*** Opening Extracted records ***

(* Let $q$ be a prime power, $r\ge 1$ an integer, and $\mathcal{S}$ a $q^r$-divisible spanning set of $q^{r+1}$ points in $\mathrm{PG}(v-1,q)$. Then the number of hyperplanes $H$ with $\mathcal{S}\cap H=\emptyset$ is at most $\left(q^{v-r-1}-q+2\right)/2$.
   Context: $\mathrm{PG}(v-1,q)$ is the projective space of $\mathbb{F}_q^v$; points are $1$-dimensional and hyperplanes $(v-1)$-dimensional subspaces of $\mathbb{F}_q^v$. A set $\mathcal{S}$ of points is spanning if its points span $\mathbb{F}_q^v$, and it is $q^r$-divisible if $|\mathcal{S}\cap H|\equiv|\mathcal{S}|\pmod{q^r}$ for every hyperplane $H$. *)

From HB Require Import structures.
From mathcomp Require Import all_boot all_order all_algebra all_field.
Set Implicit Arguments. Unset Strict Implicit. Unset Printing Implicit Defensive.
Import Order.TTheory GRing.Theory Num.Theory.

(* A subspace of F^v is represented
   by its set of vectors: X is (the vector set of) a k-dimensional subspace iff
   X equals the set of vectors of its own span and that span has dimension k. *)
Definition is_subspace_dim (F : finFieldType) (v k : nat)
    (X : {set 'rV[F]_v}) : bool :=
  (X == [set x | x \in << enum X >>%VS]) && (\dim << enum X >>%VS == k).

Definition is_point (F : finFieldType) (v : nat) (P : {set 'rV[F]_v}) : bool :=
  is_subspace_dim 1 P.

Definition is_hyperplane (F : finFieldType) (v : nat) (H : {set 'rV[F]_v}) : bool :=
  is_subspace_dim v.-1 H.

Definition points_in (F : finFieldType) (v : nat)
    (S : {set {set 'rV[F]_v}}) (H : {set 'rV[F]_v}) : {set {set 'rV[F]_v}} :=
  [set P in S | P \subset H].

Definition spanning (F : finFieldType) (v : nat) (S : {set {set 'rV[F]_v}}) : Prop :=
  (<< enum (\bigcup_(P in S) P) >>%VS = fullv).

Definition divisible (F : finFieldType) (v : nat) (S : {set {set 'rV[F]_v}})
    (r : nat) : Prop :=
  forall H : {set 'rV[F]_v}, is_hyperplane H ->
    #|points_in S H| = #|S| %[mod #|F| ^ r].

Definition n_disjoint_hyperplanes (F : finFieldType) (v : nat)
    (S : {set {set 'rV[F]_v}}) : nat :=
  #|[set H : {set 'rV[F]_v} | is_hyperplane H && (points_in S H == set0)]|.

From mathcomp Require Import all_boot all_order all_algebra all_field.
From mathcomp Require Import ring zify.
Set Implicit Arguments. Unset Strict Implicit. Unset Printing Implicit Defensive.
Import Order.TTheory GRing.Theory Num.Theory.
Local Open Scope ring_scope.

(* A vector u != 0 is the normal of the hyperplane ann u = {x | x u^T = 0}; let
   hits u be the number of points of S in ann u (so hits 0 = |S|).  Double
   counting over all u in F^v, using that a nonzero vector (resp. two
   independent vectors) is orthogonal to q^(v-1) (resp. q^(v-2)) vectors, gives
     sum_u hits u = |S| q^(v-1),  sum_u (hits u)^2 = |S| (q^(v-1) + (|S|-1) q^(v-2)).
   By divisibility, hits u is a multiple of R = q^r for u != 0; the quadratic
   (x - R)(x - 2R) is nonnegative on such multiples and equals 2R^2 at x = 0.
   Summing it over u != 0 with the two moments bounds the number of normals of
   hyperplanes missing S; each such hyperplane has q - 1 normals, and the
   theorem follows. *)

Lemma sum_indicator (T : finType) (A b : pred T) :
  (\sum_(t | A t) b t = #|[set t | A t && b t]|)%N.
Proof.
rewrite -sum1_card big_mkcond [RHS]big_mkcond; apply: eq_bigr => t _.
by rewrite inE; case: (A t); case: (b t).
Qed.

*** Closing Extracted records ***
*** Opening Extracted records ***

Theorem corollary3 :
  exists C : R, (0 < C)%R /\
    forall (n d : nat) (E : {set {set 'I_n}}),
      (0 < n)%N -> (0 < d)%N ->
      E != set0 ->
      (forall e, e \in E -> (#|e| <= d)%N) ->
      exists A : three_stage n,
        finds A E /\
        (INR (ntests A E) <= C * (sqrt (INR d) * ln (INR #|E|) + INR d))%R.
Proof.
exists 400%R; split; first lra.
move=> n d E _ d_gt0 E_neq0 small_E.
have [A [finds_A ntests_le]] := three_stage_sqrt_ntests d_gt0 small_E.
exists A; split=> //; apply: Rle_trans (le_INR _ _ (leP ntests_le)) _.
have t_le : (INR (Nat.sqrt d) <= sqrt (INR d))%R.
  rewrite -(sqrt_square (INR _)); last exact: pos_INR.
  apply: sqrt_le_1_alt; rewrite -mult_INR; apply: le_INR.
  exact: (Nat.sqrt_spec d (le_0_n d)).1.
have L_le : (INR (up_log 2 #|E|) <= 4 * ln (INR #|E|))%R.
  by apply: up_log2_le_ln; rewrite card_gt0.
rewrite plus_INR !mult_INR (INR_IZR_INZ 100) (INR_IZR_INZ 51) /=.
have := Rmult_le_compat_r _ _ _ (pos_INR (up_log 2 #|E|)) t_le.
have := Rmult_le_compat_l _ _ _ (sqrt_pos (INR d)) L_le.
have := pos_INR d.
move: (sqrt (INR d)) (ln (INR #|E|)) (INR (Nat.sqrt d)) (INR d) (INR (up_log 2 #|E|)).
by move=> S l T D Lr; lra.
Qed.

*** Closing Extracted records ***
*** Opening Extracted records ***

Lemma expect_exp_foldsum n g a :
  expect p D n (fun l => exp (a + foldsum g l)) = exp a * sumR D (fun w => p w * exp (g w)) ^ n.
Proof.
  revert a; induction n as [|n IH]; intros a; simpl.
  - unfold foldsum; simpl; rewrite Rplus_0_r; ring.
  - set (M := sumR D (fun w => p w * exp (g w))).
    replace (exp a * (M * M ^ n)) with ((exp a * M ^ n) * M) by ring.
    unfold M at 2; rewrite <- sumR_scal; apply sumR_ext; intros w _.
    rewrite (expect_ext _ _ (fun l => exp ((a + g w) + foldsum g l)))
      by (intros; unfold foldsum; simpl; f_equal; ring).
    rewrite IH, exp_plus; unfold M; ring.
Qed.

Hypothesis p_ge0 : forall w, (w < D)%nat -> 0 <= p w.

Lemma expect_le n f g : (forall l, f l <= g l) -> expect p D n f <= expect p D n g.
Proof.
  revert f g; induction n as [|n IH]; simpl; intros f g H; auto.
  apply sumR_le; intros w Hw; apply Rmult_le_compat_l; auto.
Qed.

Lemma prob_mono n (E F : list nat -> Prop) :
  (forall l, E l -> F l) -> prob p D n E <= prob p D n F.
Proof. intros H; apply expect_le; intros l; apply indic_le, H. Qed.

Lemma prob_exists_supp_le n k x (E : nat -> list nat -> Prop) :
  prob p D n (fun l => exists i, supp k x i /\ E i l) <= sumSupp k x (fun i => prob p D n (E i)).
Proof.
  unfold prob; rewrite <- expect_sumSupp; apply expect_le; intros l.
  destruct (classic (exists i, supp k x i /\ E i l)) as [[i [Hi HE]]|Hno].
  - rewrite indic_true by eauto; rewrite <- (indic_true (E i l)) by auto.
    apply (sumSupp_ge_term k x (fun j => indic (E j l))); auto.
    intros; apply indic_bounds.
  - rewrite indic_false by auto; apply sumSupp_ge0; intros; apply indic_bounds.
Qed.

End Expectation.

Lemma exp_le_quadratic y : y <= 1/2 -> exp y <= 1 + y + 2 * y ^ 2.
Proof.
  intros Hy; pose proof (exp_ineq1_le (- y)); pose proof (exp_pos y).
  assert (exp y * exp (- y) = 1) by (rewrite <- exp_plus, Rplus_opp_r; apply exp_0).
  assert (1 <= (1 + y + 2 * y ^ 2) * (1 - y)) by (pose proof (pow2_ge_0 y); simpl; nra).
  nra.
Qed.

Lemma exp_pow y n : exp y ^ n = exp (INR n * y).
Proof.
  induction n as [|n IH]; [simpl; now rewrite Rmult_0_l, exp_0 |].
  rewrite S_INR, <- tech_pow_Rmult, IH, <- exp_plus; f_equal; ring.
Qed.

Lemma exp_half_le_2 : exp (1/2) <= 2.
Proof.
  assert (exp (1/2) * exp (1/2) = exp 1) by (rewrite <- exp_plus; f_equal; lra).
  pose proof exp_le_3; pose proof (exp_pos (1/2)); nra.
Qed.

*** Closing Extracted records ***

Problem to solve: Restate word for word the entries above, starting at the line with "(* Let $q$ be" and ending at the line with "Definition points_in (F", inclusive, and no others.

Response below:
(* Let $q$ be a prime power, $r\ge 1$ an integer, and $\mathcal{S}$ a $q^r$-divisible spanning set of $q^{r+1}$ points in $\mathrm{PG}(v-1,q)$. Then the number of hyperplanes $H$ with $\mathcal{S}\cap H=\emptyset$ is at most $\left(q^{v-r-1}-q+2\right)/2$.
   Context: $\mathrm{PG}(v-1,q)$ is the projective space of $\mathbb{F}_q^v$; points are $1$-dimensional and hyperplanes $(v-1)$-dimensional subspaces of $\mathbb{F}_q^v$. A set $\mathcal{S}$ of points is spanning if its points span $\mathbb{F}_q^v$, and it is $q^r$-divisible if $|\mathcal{S}\cap H|\equiv|\mathcal{S}|\pmod{q^r}$ for every hyperplane $H$. *)

From HB Require Import structures.
From mathcomp Require Import all_boot all_order all_algebra all_field.
Set Implicit Arguments. Unset Strict Implicit. Unset Printing Implicit Defensive.
Import Order.TTheory GRing.Theory Num.Theory.

(* A subspace of F^v is represented
   by its set of vectors: X is (the vector set of) a k-dimensional subspace iff
   X equals the set of vectors of its own span and that span has dimension k. *)
Definition is_subspace_dim (F : finFieldType) (v k : nat)
    (X : {set 'rV[F]_v}) : bool :=
  (X == [set x | x \in << enum X >>%VS]) && (\dim << enum X >>%VS == k).

Definition is_point (F : finFieldType) (v : nat) (P : {set 'rV[F]_v}) : bool :=
  is_subspace_dim 1 P.

Definition is_hyperplane (F : finFieldType) (v : nat) (H : {set 'rV[F]_v}) : bool :=
  is_subspace_dim v.-1 H.

Definition points_in (F : finFieldType) (v : nat)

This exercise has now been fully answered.